▶ **Exercise brief**: Set every entry down again precisely.

▶

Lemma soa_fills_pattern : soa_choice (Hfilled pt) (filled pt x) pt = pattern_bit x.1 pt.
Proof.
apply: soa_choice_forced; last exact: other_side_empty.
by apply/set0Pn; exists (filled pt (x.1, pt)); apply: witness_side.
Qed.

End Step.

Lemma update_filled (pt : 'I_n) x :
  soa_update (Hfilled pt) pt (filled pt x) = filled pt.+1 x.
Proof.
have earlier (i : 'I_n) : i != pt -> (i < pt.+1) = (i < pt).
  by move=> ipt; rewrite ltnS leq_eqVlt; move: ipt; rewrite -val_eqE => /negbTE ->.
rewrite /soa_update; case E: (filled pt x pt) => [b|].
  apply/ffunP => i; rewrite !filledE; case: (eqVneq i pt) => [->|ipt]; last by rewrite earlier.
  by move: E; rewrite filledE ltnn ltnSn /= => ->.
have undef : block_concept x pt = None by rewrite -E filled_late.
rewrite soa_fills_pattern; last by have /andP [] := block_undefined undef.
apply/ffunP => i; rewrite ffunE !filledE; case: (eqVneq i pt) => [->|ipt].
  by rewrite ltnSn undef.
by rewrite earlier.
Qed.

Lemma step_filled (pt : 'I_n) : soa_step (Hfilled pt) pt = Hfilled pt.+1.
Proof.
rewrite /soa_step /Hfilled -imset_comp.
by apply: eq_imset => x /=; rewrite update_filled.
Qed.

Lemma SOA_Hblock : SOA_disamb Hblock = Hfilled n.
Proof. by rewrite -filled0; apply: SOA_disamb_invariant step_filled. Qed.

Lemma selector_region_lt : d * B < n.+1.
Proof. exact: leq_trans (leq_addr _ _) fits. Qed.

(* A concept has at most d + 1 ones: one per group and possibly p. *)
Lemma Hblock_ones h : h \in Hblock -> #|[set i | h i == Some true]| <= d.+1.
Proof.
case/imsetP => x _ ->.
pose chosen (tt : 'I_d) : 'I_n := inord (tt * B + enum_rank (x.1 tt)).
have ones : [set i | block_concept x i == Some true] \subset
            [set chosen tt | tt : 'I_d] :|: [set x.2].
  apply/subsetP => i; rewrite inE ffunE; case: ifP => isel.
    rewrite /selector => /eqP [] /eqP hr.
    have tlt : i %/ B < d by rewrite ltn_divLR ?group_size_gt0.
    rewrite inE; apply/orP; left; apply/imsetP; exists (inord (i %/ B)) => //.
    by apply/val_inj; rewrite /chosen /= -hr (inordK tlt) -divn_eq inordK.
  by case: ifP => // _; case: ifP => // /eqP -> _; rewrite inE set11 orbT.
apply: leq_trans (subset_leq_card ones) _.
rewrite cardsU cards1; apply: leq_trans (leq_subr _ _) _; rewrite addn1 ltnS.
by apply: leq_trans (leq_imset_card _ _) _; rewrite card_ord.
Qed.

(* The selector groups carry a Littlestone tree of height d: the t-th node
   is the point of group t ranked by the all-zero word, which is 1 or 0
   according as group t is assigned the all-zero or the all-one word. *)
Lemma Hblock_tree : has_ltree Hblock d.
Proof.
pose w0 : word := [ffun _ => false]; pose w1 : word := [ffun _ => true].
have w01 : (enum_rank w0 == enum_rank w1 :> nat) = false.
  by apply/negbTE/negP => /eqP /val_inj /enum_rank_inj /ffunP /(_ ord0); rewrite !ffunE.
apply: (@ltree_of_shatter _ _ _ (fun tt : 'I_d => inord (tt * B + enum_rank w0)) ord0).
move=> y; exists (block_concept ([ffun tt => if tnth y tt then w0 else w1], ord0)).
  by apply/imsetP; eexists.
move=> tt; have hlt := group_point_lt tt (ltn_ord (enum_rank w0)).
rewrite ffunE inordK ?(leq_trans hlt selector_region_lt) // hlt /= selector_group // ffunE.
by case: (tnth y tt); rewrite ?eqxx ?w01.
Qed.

◀

▶ **Result for this exercise**:
Lemma soa_fills_pattern : soa_choice (Hfilled pt) (filled pt x) pt = pattern_bit x.1 pt.
Proof.
apply: soa_choice_forced; last exact: other_side_empty.
by apply/set0Pn; exists (filled pt (x.1, pt)); apply: witness_side.
Qed.

End Step.

Lemma update_filled (pt : 'I_n) x :
  soa_update (Hfilled pt) pt (filled pt x) = filled pt.+1 x.
Proof.
have earlier (i : 'I_n) : i != pt -> (i < pt.+1) = (i < pt).
  by move=> ipt; rewrite ltnS leq_eqVlt; move: ipt; rewrite -val_eqE => /negbTE ->.
rewrite /soa_update; case E: (filled pt x pt) => [b|].
  apply/ffunP => i; rewrite !filledE; case: (eqVneq i pt) => [->|ipt]; last by rewrite earlier.
  by move: E; rewrite filledE ltnn ltnSn /= => ->.
have undef : block_concept x pt = None by rewrite -E filled_late.
rewrite soa_fills_pattern; last by have /andP [] := block_undefined undef.
apply/ffunP => i; rewrite ffunE !filledE; case: (eqVneq i pt) => [->|ipt].
  by rewrite ltnSn undef.
by rewrite earlier.
Qed.

Lemma step_filled (pt : 'I_n) : soa_step (Hfilled pt) pt = Hfilled pt.+1.
Proof.
rewrite /soa_step /Hfilled -imset_comp.
by apply: eq_imset => x /=; rewrite update_filled.
Qed.

Lemma SOA_Hblock : SOA_disamb Hblock = Hfilled n.
Proof. by rewrite -filled0; apply: SOA_disamb_invariant step_filled. Qed.

Lemma selector_region_lt : d * B < n.+1.
Proof. exact: leq_trans (leq_addr _ _) fits. Qed.

(* A concept has at most d + 1 ones: one per group and possibly p. *)
Lemma Hblock_ones h : h \in Hblock -> #|[set i | h i == Some true]| <= d.+1.
Proof.
case/imsetP => x _ ->.
pose chosen (tt : 'I_d) : 'I_n := inord (tt * B + enum_rank (x.1 tt)).
have ones : [set i | block_concept x i == Some true] \subset
            [set chosen tt | tt : 'I_d] :|: [set x.2].
  apply/subsetP => i; rewrite inE ffunE; case: ifP => isel.
    rewrite /selector => /eqP [] /eqP hr.
    have tlt : i %/ B < d by rewrite ltn_divLR ?group_size_gt0.
    rewrite inE; apply/orP; left; apply/imsetP; exists (inord (i %/ B)) => //.
    by apply/val_inj; rewrite /chosen /= -hr (inordK tlt) -divn_eq inordK.
  by case: ifP => // _; case: ifP => // /eqP -> _; rewrite inE set11 orbT.
apply: leq_trans (subset_leq_card ones) _.
rewrite cardsU cards1; apply: leq_trans (leq_subr _ _) _; rewrite addn1 ltnS.
by apply: leq_trans (leq_imset_card _ _) _; rewrite card_ord.
Qed.

(* The selector groups carry a Littlestone tree of height d: the t-th node
   is the point of group t ranked by the all-zero word, which is 1 or 0
   according as group t is assigned the all-zero or the all-one word. *)
Lemma Hblock_tree : has_ltree Hblock d.
Proof.
pose w0 : word := [ffun _ => false]; pose w1 : word := [ffun _ => true].
have w01 : (enum_rank w0 == enum_rank w1 :> nat) = false.
  by apply/negbTE/negP => /eqP /val_inj /enum_rank_inj /ffunP /(_ ord0); rewrite !ffunE.
apply: (@ltree_of_shatter _ _ _ (fun tt : 'I_d => inord (tt * B + enum_rank w0)) ord0).
move=> y; exists (block_concept ([ffun tt => if tnth y tt then w0 else w1], ord0)).
  by apply/imsetP; eexists.
move=> tt; have hlt := group_point_lt tt (ltn_ord (enum_rank w0)).
rewrite ffunE inordK ?(leq_trans hlt selector_region_lt) // hlt /= selector_group // ffunE.
by case: (tnth y tt); rewrite ?eqxx ?w01.
Qed.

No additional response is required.